Stored records

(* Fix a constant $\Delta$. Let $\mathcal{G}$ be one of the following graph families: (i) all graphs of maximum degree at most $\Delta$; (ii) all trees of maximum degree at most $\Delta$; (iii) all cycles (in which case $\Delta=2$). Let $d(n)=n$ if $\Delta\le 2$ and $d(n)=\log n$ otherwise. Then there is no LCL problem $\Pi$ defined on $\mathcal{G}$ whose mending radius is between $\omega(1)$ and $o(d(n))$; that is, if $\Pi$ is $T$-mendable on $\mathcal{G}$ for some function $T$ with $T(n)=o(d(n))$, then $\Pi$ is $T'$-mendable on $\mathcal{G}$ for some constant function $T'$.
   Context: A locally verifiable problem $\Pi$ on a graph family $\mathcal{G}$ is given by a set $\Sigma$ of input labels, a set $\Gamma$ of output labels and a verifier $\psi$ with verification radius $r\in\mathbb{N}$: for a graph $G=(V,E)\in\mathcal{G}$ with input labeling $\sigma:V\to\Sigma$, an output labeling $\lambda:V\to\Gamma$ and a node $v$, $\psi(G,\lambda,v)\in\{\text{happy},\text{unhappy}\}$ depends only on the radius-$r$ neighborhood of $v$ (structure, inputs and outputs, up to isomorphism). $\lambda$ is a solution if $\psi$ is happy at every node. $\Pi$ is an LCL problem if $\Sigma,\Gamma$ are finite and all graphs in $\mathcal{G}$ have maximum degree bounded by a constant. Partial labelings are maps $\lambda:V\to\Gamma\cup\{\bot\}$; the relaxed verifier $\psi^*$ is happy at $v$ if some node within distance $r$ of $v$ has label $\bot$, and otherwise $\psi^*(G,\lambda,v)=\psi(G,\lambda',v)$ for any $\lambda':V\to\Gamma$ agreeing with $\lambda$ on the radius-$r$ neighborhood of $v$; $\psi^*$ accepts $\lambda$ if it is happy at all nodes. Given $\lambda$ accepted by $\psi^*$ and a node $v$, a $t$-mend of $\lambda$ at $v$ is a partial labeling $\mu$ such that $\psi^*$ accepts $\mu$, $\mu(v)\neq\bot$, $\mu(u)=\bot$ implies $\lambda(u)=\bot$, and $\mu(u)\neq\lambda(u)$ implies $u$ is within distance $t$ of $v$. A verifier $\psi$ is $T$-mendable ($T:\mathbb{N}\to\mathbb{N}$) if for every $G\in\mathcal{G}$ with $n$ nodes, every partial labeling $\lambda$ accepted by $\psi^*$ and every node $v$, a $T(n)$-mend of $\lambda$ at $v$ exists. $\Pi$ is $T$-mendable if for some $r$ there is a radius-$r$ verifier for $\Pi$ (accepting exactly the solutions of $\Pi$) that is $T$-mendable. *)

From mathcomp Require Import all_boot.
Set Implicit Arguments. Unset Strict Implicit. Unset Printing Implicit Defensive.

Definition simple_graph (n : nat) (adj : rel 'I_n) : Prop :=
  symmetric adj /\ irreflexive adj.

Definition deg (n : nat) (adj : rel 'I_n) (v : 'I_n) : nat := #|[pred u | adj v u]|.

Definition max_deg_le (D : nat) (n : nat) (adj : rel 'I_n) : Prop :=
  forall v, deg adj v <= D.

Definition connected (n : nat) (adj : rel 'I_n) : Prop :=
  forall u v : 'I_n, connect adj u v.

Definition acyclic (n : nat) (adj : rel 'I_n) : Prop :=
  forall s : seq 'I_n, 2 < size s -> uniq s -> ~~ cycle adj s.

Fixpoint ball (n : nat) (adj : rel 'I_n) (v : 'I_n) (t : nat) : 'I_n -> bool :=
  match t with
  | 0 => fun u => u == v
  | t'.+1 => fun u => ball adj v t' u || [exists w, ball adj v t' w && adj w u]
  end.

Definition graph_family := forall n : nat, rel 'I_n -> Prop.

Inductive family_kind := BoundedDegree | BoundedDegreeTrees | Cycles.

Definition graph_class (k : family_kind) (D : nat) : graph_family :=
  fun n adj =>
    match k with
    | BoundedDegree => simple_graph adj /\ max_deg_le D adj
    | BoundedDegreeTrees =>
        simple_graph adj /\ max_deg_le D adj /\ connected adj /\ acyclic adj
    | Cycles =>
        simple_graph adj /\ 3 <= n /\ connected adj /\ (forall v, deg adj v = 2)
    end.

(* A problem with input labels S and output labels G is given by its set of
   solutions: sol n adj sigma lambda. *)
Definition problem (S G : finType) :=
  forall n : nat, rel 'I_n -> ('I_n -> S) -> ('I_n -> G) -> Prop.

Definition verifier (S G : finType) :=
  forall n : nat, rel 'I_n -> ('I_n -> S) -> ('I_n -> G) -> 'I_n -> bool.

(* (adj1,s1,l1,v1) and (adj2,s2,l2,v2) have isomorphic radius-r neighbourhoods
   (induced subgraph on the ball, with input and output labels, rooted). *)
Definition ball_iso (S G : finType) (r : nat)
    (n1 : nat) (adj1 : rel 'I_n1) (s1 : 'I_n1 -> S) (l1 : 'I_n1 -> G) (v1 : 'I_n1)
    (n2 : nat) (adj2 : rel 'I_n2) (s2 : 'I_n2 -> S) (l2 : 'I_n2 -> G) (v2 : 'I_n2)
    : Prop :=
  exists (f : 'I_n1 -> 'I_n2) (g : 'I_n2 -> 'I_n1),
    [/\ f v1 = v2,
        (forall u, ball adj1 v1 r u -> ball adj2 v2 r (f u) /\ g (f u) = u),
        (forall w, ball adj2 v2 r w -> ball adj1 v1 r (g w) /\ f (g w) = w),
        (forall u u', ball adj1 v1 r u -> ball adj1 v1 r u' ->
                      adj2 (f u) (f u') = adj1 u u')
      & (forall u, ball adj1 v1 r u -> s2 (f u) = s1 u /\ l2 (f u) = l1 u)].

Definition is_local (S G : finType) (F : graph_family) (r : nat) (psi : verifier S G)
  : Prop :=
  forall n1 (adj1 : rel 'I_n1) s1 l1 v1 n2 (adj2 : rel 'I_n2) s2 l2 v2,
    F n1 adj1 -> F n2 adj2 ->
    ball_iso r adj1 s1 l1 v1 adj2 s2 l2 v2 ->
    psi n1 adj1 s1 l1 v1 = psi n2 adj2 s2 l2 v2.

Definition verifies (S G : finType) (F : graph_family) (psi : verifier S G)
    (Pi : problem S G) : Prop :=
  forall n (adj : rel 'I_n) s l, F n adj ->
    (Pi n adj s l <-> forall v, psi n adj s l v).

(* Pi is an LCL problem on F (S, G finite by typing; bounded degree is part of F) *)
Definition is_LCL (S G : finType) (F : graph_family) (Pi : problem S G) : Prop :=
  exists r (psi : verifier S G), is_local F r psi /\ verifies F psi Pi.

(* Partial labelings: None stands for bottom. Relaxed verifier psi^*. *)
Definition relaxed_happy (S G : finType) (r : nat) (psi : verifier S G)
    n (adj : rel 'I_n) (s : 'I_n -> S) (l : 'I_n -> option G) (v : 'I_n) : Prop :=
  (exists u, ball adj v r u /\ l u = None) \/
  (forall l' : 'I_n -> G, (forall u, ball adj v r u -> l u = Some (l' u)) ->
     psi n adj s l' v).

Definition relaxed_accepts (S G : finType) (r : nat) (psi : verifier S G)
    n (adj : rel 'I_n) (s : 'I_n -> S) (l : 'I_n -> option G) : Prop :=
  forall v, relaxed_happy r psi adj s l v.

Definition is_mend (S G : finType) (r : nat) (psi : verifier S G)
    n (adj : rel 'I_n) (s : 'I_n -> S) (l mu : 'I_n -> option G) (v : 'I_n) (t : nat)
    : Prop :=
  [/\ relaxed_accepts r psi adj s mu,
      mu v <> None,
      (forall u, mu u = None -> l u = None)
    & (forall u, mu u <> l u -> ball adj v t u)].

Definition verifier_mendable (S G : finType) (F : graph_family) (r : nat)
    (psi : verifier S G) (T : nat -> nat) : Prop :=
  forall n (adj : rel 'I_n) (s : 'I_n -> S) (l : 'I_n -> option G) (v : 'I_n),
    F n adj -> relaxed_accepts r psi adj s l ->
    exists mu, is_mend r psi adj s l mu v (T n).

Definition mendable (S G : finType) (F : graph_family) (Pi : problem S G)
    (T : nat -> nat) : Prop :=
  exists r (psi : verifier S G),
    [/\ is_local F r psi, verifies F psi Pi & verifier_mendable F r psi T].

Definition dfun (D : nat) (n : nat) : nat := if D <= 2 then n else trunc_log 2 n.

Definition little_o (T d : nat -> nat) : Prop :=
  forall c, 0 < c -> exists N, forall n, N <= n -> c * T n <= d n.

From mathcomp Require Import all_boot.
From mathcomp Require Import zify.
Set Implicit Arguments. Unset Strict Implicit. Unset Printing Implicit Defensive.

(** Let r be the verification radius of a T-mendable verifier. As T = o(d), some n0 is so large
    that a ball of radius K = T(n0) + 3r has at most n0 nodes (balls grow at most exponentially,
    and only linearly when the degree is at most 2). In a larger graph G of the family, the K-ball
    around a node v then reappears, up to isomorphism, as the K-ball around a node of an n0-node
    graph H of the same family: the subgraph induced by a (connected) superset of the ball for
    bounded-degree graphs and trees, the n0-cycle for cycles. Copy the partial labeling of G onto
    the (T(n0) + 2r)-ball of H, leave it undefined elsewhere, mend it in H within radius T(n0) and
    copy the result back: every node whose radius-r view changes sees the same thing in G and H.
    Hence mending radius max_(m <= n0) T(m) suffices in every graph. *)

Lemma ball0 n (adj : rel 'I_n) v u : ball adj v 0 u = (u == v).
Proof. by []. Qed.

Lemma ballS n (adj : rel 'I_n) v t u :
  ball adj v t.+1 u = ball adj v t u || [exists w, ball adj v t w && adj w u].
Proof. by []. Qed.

- _Problem requirements_
The answer must be the line containing "ball adj v t.+1" and every line after it through the last line of the records above, repeated exactly.

- _Written response_
  ball adj v t.+1 u = ball adj v t u || [exists w, ball adj v t w && adj w u].
Proof. by []. Qed.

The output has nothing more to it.